Paulina Przystupa: Thanks to my local library (go get a library card, everyone) I’ve been catching up on the various Black Panther series (including the main run, Black Panther and the Crew, and World of Wakanda). Each series (though some short-lived) brings a new cast of characters with unique depth and world building that depicts Wakanda as the complex country that it is. There’s a lot of political and interpersonal intrigue in that, so I’ve been balancing it with volumes of Fullmetal Alchemist, whose first anime series (non-Brotherhood) I finished earlier this year. While serious in parts, it is on average lighthearted and fun. I really love seeing the-end-of-graphic-novel mini-comics and remembering how they got translated into the first anime, though I’ve also reached the point where the plots are diverging so I can’t stop reading.

Black Panther: World of Wakanda #5 variant cover by Jen Bartel (Marvel Comics)

Black Panther: World of Wakanda #5 variant cover by Jen Bartel (Marvel Comics)

Alenka Figa: Before I say anything, I would like to praise Paulina for encouraging you all to get a library card. Get a library card! Read things for free! Listen to audiobooks for free! GET. FREE. THINGS.

Anyway, I have a coworker whose son loves anime and manga, and she’s always asking me for recommendations, which is really fun. They both read the Erased series and loved it, so I decided to read it as well and then check out the live action on Netflix. I don’t typically read crime/thriller stories, but I really enjoyed the manga, especially Sanbe’s art! Mild spoiler, but Satoru, the protagonist, experiences a phenomenon called Revival that eventually allows him to travel back in time and be his child self, so that he can stop a series of serial kidnappings and murders. After re-experiencing some of his childhood, Satoru looks younger and more vibrant as an adult. His face is more open and alive, and it’s very cool to watch that happen as you flip the pages! The live action is pretty meh, although I was impressed with the child actor they found to play young Satoru. I recently caught a teen volunteer reading the fourth volume, and she revealed that there is an anime, so I watched that, too, and enjoyed the way they use film strip imagery to convey Satoru’s experience of remembering the past while also living it. My whole Erased experiment has been really fun and unexpectedly let me talk to a bunch of people in the library about the series!
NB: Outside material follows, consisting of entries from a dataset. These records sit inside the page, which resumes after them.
(* Let $R\to R'$ be a homomorphism of commutative Noetherian $\mathbb{Z}[\frac1p,\zeta_p]$-algebras and let $(\rho,V)$ be an $R[G_n]$-module of $\psi$-Whittaker type. Then $(\rho\otimes_RR',V\otimes_RR')$ is of $\psi$-Whittaker type and $\mathcal{W}(V\otimes_RR',\psi_{R'})=\mathcal{W}(V,\psi_R)\otimes_RR'$, i.e. the Whittaker model of $V\otimes_RR'$ is the image of $\mathcal{W}(V,\psi_R)\otimes_RR'$ under the natural identification $\mathrm{Ind}_{N_n}^{G_n}\psi_R\otimes_RR'\cong\mathrm{Ind}_{N_n}^{G_n}\psi_{R'}$.
   Context: Let $p$ be a prime, $q$ a power of $p$, $G_n=\mathrm{GL}_n(\mathbb{F}_q)$, $N_n$ the upper unipotent subgroup. Fix nontrivial $\psi:(\mathbb{F}_q,+)\to\mathbb{Z}[\frac1p,\zeta_p]^\times$; for an algebra $R$, $\psi_R$ is its image in $R^\times$, a character of $N_n$ via $u\mapsto\psi_R(\sum_iu_{i,i+1})$. $\mathrm{Ind}_{N_n}^{G_n}\psi_R=\{f:G_n\to R:f(ug)=\psi_R(u)f(g)\}$. An $R[G_n]$-module $V$ is of $\psi$-Whittaker type if its $(N_n,\psi_R)$-coinvariants $V_{N_n,\psi_R}$ (its $n$-th derivative) form a free $R$-module of rank one; then a generator $\lambda$ of $\mathrm{Hom}_R(V_{N_n,\psi_R},R)$ gives $V\to\mathrm{Ind}_{N_n}^{G_n}\psi_R$, $v\mapsto(g\mapsto\lambda(\overline{gv}))$, whose image (independent of $\lambda$) is the Whittaker model $\mathcal{W}(V,\psi_R)$. *)

From HB Require Import structures.
From mathcomp Require Import all_boot all_order all_algebra all_fingroup all_field.
From mathcomp Require Import boolp.
Set Implicit Arguments. Unset Strict Implicit. Unset Printing Implicit Defensive.
Import GRing.Theory.
Local Open Scope ring_scope.

(* The coefficient ring Z[1/p, zeta_p], as the smallest subring of the *)
(* algebraic complex numbers containing 1/p and a primitive p-th root   *)
(* of unity zeta_p.                                                     *)

Definition zeta_p (p : nat) : algC := sval (C_prim_root_exists (ltn0Sn p.-1)).

Definition subring_Prop (S : algC -> Prop) : Prop :=
  [/\ S 1, (forall x y, S x -> S y -> S (x - y)) & (forall x y, S x -> S y -> S (x * y))].

Definition Zpz_pred (p : nat) : pred algC := fun x =>
  `[< forall S : algC -> Prop, subring_Prop S -> S (p%:R^-1) -> S (zeta_p p) -> S x >].

Lemma Zpz_subring_closed (p : nat) : GRing.subring_closed (Zpz_pred p).
Proof.
split.
- by apply/asboolP => S [S1 _ _].
- move=> x y /asboolP Hx /asboolP Hy; apply/asboolP => S HS Sp Sz.
  by case: HS (HS) => _ HB _ HS; apply: HB; [apply: Hx|apply: Hy].
- move=> x y /asboolP Hx /asboolP Hy; apply/asboolP => S HS Sp Sz.
  by case: HS (HS) => _ _ HM HS; apply: HM; [apply: Hx|apply: Hy].
Qed.

HB.instance Definition _ (p : nat) :=
  GRing.isSubringClosed.Build algC (Zpz_pred p) (Zpz_subring_closed p).

Record Zpz (p : nat) := MkZpz { zpz_val :> algC; _ : zpz_val \in Zpz_pred p }.

HB.instance Definition _ (p : nat) := [isSub for @zpz_val p].
HB.instance Definition _ (p : nat) := [Choice of Zpz p by <:].
HB.instance Definition _ (p : nat) := [SubChoice_isSubComNzRing of Zpz p by <:].

Definition ideal_Prop (R : comPzRingType) (I : R -> Prop) : Prop :=
  [/\ I 0, (forall x y, I x -> I y -> I (x + y)) & (forall r x, I x -> I (r * x))].

Definition noetherian (R : comPzRingType) : Prop :=
  forall I : R -> Prop, ideal_Prop I ->
    exists (k : nat) (gen : 'I_k -> R),
      forall x, I x <-> exists c : 'I_k -> R, x = \sum_(i < k) c i * gen i.

Definition additive_char (F : finFieldType) (A : pzRingType) (psi : F -> A) : Prop :=
  psi 0 = 1 /\ forall a b, psi (a + b) = psi a * psi b.

Definition psi_ring (p : nat) (F : finFieldType) (R : comPzRingType)
  (phiR : {rmorphism Zpz p -> R}) (psi : F -> Zpz p) : F -> R :=
  fun a => phiR (psi a).

(* G_n = GL_n(F) with n = m.+1 >= 1; N_n = upper unipotent matrices. *)
Definition upper_unipotent (F : finFieldType) (m : nat) (u : {'GL_m.+1[F]}) : bool :=
  [forall i : 'I_m.+1, forall j : 'I_m.+1,
     ((j < i)%N ==> (GLval u i j == 0)) && ((i == j) ==> (GLval u i j == 1))].

Definition psiN (F : finFieldType) (m : nat) (R : comPzRingType) (psiR : F -> R)
  (u : {'GL_m.+1[F]}) : R :=
  psiR (\sum_(i < m.+1 | (i.+1 < m.+1)%N) GLval u i (inord i.+1)).

Definition is_rep (F : finFieldType) (m : nat) (R : comPzRingType) (V : lmodType R)
  (rho : {'GL_m.+1[F]} -> V -> V) : Prop :=
  [/\ forall g r v w, rho g (r *: v + w) = r *: rho g v + rho g w,
      forall v, rho 1%g v = v
    & forall g h v, rho (g * h)%g v = rho g (rho h v)].

(* v lies in the R-span of { rho(u) w - psi_R(u) w : u in N_n, w in V },  *)
(* i.e. v is zero in the (N_n, psi_R)-coinvariants V_{N_n,psi_R}.         *)
Definition in_twisted_span (F : finFieldType) (m : nat) (R : comPzRingType)
  (V : lmodType R) (rho : {'GL_m.+1[F]} -> V -> V) (psiR : F -> R) (v : V) : Prop :=
  exists (k : nat) (c : 'I_k -> R) (u : 'I_k -> {'GL_m.+1[F]}) (w : 'I_k -> V),
    (forall i, upper_unipotent (u i)) /\
    v = \sum_(i < k) c i *: (rho (u i) (w i) - psiN psiR (u i) *: w i).

(* V is of psi-Whittaker type: V_{N_n,psi_R} = V / (twisted span) is a free *)
(* R-module of rank one, i.e. it has a basis element, the class of some e. *)
Definition whittaker_type (F : finFieldType) (m : nat) (R : comPzRingType)
  (V : lmodType R) (rho : {'GL_m.+1[F]} -> V -> V) (psiR : F -> R) : Prop :=
  exists e : V, forall v : V, exists! r : R, in_twisted_span rho psiR (v - r *: e).

(* Elements of Hom_R(V_{N_n,psi_R}, R), seen as R-linear functionals on V *)
(* vanishing on the twisted span.                                          *)
Definition coinv_functional (F : finFieldType) (m : nat) (R : comPzRingType)
  (V : lmodType R) (rho : {'GL_m.+1[F]} -> V -> V) (psiR : F -> R) (lam : V -> R) : Prop :=
  (forall r v w, lam (r *: v + w) = r * lam v + lam w) /\
  (forall v, in_twisted_span rho psiR v -> lam v = 0).

Definition coinv_generator (F : finFieldType) (m : nat) (R : comPzRingType)
  (V : lmodType R) (rho : {'GL_m.+1[F]} -> V -> V) (psiR : F -> R) (lam : V -> R) : Prop :=
  coinv_functional rho psiR lam /\
  forall mu, coinv_functional rho psiR mu -> exists c : R, forall v, mu v = c * lam v.

(* The Whittaker model W(V, psi_R) inside Ind_{N_n}^{G_n} psi_R (functions  *)
(* G_n -> R): the image of v |-> (g |-> lam (rho g v)) for a generator lam *)
(* (the image does not depend on the generator).                           *)
Definition whittaker_model (F : finFieldType) (m : nat) (R : comPzRingType)
  (V : lmodType R) (rho : {'GL_m.+1[F]} -> V -> V) (psiR : F -> R)
  (W : {'GL_m.+1[F]} -> R) : Prop :=
  exists lam, coinv_generator rho psiR lam /\
  exists v : V, forall g, W g = lam (rho g v).

Definition semilinear_along (R R' : comPzRingType) (f : R -> R') (V : lmodType R)
  (M : lmodType R') (phi : V -> M) : Prop :=
  forall r v w, phi (r *: v + w) = f r *: phi v + phi w.

Definition R_linear (R' : comPzRingType) (V' M : lmodType R') (phi : V' -> M) : Prop :=
  forall r v w, phi (r *: v + w) = r *: phi v + phi w.

(* (V', iota) is a tensor product V ⊗_R R' with iota v = v ⊗ 1. *)
Definition is_base_change (R R' : comPzRingType) (f : R -> R') (V : lmodType R)
  (V' : lmodType R') (iota : V -> V') : Prop :=
  semilinear_along f iota /\
  forall (M : lmodType R') (phi : V -> M), semilinear_along f phi ->
    exists phi' : V' -> M,
      [/\ R_linear phi', (forall v, phi' (iota v) = phi v)
        & forall phi'' : V' -> M, R_linear phi'' ->
            (forall v, phi'' (iota v) = phi v) -> forall x, phi'' x = phi' x].

(* Taking (N_n, psi)-coinvariants commutes with base change: the twisted span of
   V ⊗ R' is generated by the image of the twisted span of V.  Hence a coordinate
   functional lam on V (lam e = 1, and v - lam(v) e in the twisted span) extends
   along iota to a coordinate functional lam' on V ⊗ R' with lam'(iota e) = 1.
   Whittaker functions of V ⊗ R' are g |-> lam'(rho'(g) v'); writing v' as an
   R'-combination of vectors iota(x_i) turns them into R'-combinations of the
   Whittaker functions g |-> lam(rho(g) x_i) of V, and conversely. *)

From HB Require Import structures.
From mathcomp Require Import all_boot all_order all_algebra all_fingroup all_field.
From mathcomp Require Import boolp.
Set Implicit Arguments. Unset Strict Implicit. Unset Printing Implicit Defensive.
Import GRing.Theory.
Local Open Scope ring_scope.

Definition ord_concat (T : Type) k1 k2 (a : 'I_k1 -> T) (b : 'I_k2 -> T)
  (i : 'I_(k1 + k2)) : T :=
  match split i with inl j => a j | inr j => b j end.

Lemma sum_ord_concat (M : nmodType) k1 k2 (a : 'I_k1 -> M) (b : 'I_k2 -> M) :
  \sum_(i < k1 + k2) ord_concat a b i = \sum_(i < k1) a i + \sum_(i < k2) b i.
Proof.
rewrite big_split_ord /ord_concat; congr (_ + _); apply: eq_bigr => i _.
  by rewrite (unsplitK (inl _ i)).
by rewrite (unsplitK (inr _ i)).
Qed.

Section Submodules.
Variables (R : comPzRingType) (V : lmodType R).

Definition submodule_Prop (Q : V -> Prop) : Prop :=
  [/\ Q 0, (forall x y, Q x -> Q y -> Q (x + y)) & (forall a x, Q x -> Q (a *: x))].

Lemma submodule_sum (Q : V -> Prop) k (x : 'I_k -> V) :
  submodule_Prop Q -> (forall i, Q (x i)) -> Q (\sum_(i < k) x i).
Proof.
move=> [Q0 QD _] Qx; elim: k x Qx => [|k IHk] x Qx; first by rewrite big_ord0.
by rewrite big_ord_recr /=; apply: QD => //; apply: IHk.
Qed.

Lemma submodule_zero : submodule_Prop (fun x : V => x = 0).
Proof. by split=> [|x y -> ->|a x ->]; rewrite ?addr0 ?scaler0. Qed.

Definition in_span (T : Type) (h : T -> V) (v : V) : Prop :=
  exists k (c : 'I_k -> R) (x : 'I_k -> T), v = \sum_(i < k) c i *: h (x i).

Variables (T : Type) (h : T -> V).

Lemma in_span_gen t : in_span h (h t).
Proof. by exists 1%N, (fun=> 1), (fun=> t); rewrite big_ord1 scale1r. Qed.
Rosie Knight: Recently I’ve been collecting these old Viz single issue translations of manga from the ’80s and ’90s. One of my favorites that I’ve been reading and rereading a lot is Rumiko Takahashi’s Mermaid’s Promise. Based on a piece of Japanese folklore that suggests those who eat a mermaid’s flesh may become immortal, the story focuses on Yuta, an apparently young man who out of curiosity eats a mermaid’s flesh, and when we meet him has already lived for 500 years. Yuta traverses the Earth looking for others who have eaten the meat, and on his journey meets another immortal, Mana. There’s also the matter of Yuta’s young love whom he left after her fiancé stopped them from absconding together. And guess what: she’s still alive! Rumiko Takahashi is undoubtedly my favorite storyteller. I’ve never read a book of hers that I don’t absolutely adore, and Mermaid’s Promise is a fantastic example of why. Takahashi crafts a romantic, heartbreaking, and horrifying story filled with super engaging and loveable characters, especially multiple complex, strong, and wonderful women. Basically Rumiko is amazing and I’m grateful for all of the amazing stories that she’s given us!